Intento determinar el momento exacto por donde debería iniciar mi narración. ¿Por el silencio y la quietud de mis padres, que solo obedecían a las formas sociales requeridas para la estancia en un templo? ¿Por el frenesí de Elm, el Loco? ¿O quizás por la entrada en el templo de Zhor, que regresaba de una de sus expediciones? Recuerdo que el tintinear de sus collares evocaba el rugir de las alimañas doblegadas ante su cuchillo. Lobos negros, serpientes de los pantanos, asmures de las cavernas y otro sinfín de alimañas que Zhor había cazado por el mero placer de la caza o porque así lo exigieron los requisitos del valor o el comercio. Zhor y sus expediciones, Zhor y sus aventuras, Zhor y cuanto ennoblecía la vida. Sin comodidades que atemperasen la rigidez de la naturaleza y sin una descendencia que garantizara la continuidad de su estirpe, pero ungido con la libertad de los espacios abiertos, perpetuado en el honor de los guerreros y presente en el deseo de las doncellas. Zhor, la leyenda que saboreaba su gloria entre el silencio de los cañaverales y el fragor de las batallas, se distinguía también con las virtudes de la prudencia y la humildad. Jamás alardeaba de sus victorias ni presumía de hazañas que hubieran despertado cualquier otro orgullo. Incluso cuando le preguntaban sobre su lucha contra un tigre blanco sin más arma que su cuchillo de monte, Zhor inclinaba la mirada y sustituía las palabras por un silencio que no podía sino despertar el respeto de sus interlocutores.
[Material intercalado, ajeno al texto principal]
(* Let $X\in\mathbf{M}_{2N}(\mathbb{C})$ satisfy $X^{*}=X^{\sharp}$. Then there exist a unitary $U$ and a positive semidefinite $P$ in $\mathbf{M}_{2N}(\mathbb{C})$ with $U^{*}=U^{\sharp}$, $P^{*}=P^{\sharp}$ and $X=UP$.
   Context: For $X\in\mathbf{M}_{2N}(\mathbb{C})$ in $N\times N$ blocks $X=\begin{bmatrix}A&B\\C&D\end{bmatrix}$, the dual operation is $X^{\sharp}=\begin{bmatrix}D^{\mathrm T}&-B^{\mathrm T}\\-C^{\mathrm T}&A^{\mathrm T}\end{bmatrix}$. *)

From HB Require Import structures.
From mathcomp Require Import all_boot all_order all_algebra.
From mathcomp Require Import complex.
From mathcomp Require Import reals.
Set Implicit Arguments. Unset Strict Implicit. Unset Printing Implicit Defensive.
Import Order.TTheory GRing.Theory Num.Theory.
Local Open Scope ring_scope.

Definition adj {C : numClosedFieldType} {m n : nat} (X : 'M[C]_(m, n)) : 'M[C]_(n, m) :=
  (map_mx Num.conj X)^T.

Definition sharp {C : numClosedFieldType} {N : nat} (X : 'M[C]_(N + N)) : 'M[C]_(N + N) :=
  block_mx (drsubmx X)^T (- (ursubmx X)^T) (- (dlsubmx X)^T) (ulsubmx X)^T.

Definition unitary_mx {C : numClosedFieldType} {n : nat} (U : 'M[C]_n) : Prop :=
  adj U *m U = 1%:M /\ U *m adj U = 1%:M.

Definition psd_mx {C : numClosedFieldType} {n : nat} (P : 'M[C]_n) : Prop :=
  adj P = P /\ forall v : 'cV[C]_n, 0 <= (adj v *m P *m v) 0 0.

From HB Require Import structures.
From mathcomp Require Import all_boot all_order all_algebra.
From mathcomp Require Import complex.
From mathcomp Require Import reals.
Import GRing.Theory Num.Theory Num.Def.
Local Open Scope ring_scope.
Set Implicit Arguments. Unset Strict Implicit. Unset Printing Implicit Defensive.

(* With J = [0 1; -1 0] one has X^sharp = J X^T J^T, so the hypothesis says
   that X is fixed by the antilinear ring automorphism jconj M = J conj(M) J^T,
   which commutes with the adjoint.  Hence A = X^* X is a jconj-fixed positive
   semidefinite matrix.  Its eigenvectors can be chosen as N orthonormal
   columns F spanning a subspace isotropic for the form v^T J w: a unit
   eigenvector orthogonal to the columns of V = [F, J^T conj(F)] exists as
   long as F is incomplete, since that orthogonal space is A-invariant, and
   adjoining it keeps F isotropic because v^T J v = 0.  The unitary V is then
   jconj-fixed and diagonalizes A as diag(l, l).  With s = sqrt l, the
   columns of X F diag(s)^-1 supported on s <> 0 again form such a family,
   which completes to a full one H; for W = [H, J^T conj(H)] we get
   X V = W diag(s, s), hence X = (W V^* ) (V diag(s, s) V^* ). *)

Section Columns.
Variable R : pzRingType.

Lemma col_matrixP m p (A B : 'M[R]_(m, p)) : (forall j, col j A = col j B) -> A = B.
Proof.
by move=> eqAB; apply/matrixP=> i j; have /matrixP/(_ i 0) := eqAB j; rewrite !mxE.
Qed.

Lemma col_mulmx m p q (A : 'M[R]_(m, p)) (B : 'M[R]_(p, q)) j :
  col j (A *m B) = A *m col j B.
Proof. by rewrite !colE mulmxA. Qed.

End Columns.

Lemma col_mul_diag (R : comPzRingType) m p (A : 'M[R]_(m, p)) d j :
  col j (A *m diag_mx d) = d 0 j *: col j A.
Proof. by apply/matrixP=> a b; rewrite mul_mx_diag !mxE mulrC. Qed.

Lemma kernel_of_zero_row (F : fieldType) m (B : 'M[F]_m) (r : 'I_m) :
  row r B = 0 -> exists2 u : 'cV[F]_m, u != 0 & B *m u = 0.
Proof.
move=> Br0; have detB0 : \det B^T == 0.
  rewrite det_tr (expand_det_row _ r) big1 // => k _.
  by have /matrixP/(_ 0 k) := Br0; rewrite !mxE => ->; rewrite mul0r.
have [w w0 wB] := det0P detB0.
exists w^T; first by apply: contra w0 => /eqP/(congr1 trmx); rewrite trmxK trmx0 => ->.
by rewrite -[B]trmxK -trmx_mul wB trmx0.
Qed.

Section Adjoint.
Variable C : numClosedFieldType.

Lemma conj_mxK m p (A : 'M[C]_(m, p)) : map_mx conjC (map_mx conjC A) = A.
Proof. by apply/matrixP=> i j; rewrite !mxE conjCK. Qed.

Lemma adjK m p (A : 'M[C]_(m, p)) : adj (adj A) = A.
Proof. by apply/matrixP=> i j; rewrite !mxE conjCK. Qed.

Lemma adjM m p q (A : 'M[C]_(m, p)) (B : 'M[C]_(p, q)) :
  adj (A *m B) = adj B *m adj A.
Proof. by rewrite /adj map_mxM trmx_mul. Qed.

Lemma adjD m p (A B : 'M[C]_(m, p)) : adj (A + B) = adj A + adj B.
Proof. by rewrite /adj map_mxD linearD. Qed.

Lemma adjZ m p a (A : 'M[C]_(m, p)) : adj (a *: A) = a^* *: adj A.
Proof. by rewrite /adj map_mxZ linearZ. Qed.

Lemma adj0 m p : adj (0 : 'M[C]_(m, p)) = 0.
Proof. by rewrite /adj map_mx0 trmx0. Qed.

Lemma adj_delta m p (i : 'I_m) (j : 'I_p) :
  adj (delta_mx i j : 'M[C]_(m, p)) = delta_mx j i.
Proof. by rewrite /adj map_delta_mx trmx_delta. Qed.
También recuerdo la figura encorvada y deforme de Uk. Se había situado delante de nosotros, a la derecha. Mi madre lo contempló por un instante y me pareció vislumbrar en su rostro una expresión de piedad. Después sus facciones se suavizaron y se concentró en las palabras del Predicador, que nos exhortaba al arrepentimiento ante la proximidad de la Muerte de los Mil Años. Mis ojos permanecieron sobre Uk. Se detuvieron en el pelo hirsuto que sobresalía a las vestiduras, en la curvatura anormal de su espalda, que lo obligaba a caminar con las manos próximas a las rodillas, y en esos labios descarnados que permitían la visión de unos dientes extraños y puntiagudos. Y su olor, indefinible, era un olor entre salado y agrio, solo comparable al olor de las hidras o los centauros. Imposible describirlo, después no lo he vuelto a encontrar. Ni en el seno de las civilizaciones ni en la quietud de los bosques.
La silueta de Uk, arropada por la trémula inseguridad de las velas, emerge del ayer junto a las palabras que entonces resonaban en el templo. Ignoro si el Predicador había previsto el efecto de un escenario de penumbras en los asistentes. Quizás la iluminación pretendía acrecentar el dramatismo de la voz que nos anunciaba el fin.
―¡Arrepentíos, habitantes de Kalhat, porque este es el año de la Muerte Negra! ¡El año en que nuestras vísceras contemplarán el sol! ¡Los pecadores y los célibes morirán, las concubinas y las vírgenes morirán, los justos y los desalmados morirán! ¡Todos moriremos! ¡El rico y el miserable, quien tiene dos hijos y quien es estéril! ¡Tú que confías en el porvenir y tú que aguardas al destino!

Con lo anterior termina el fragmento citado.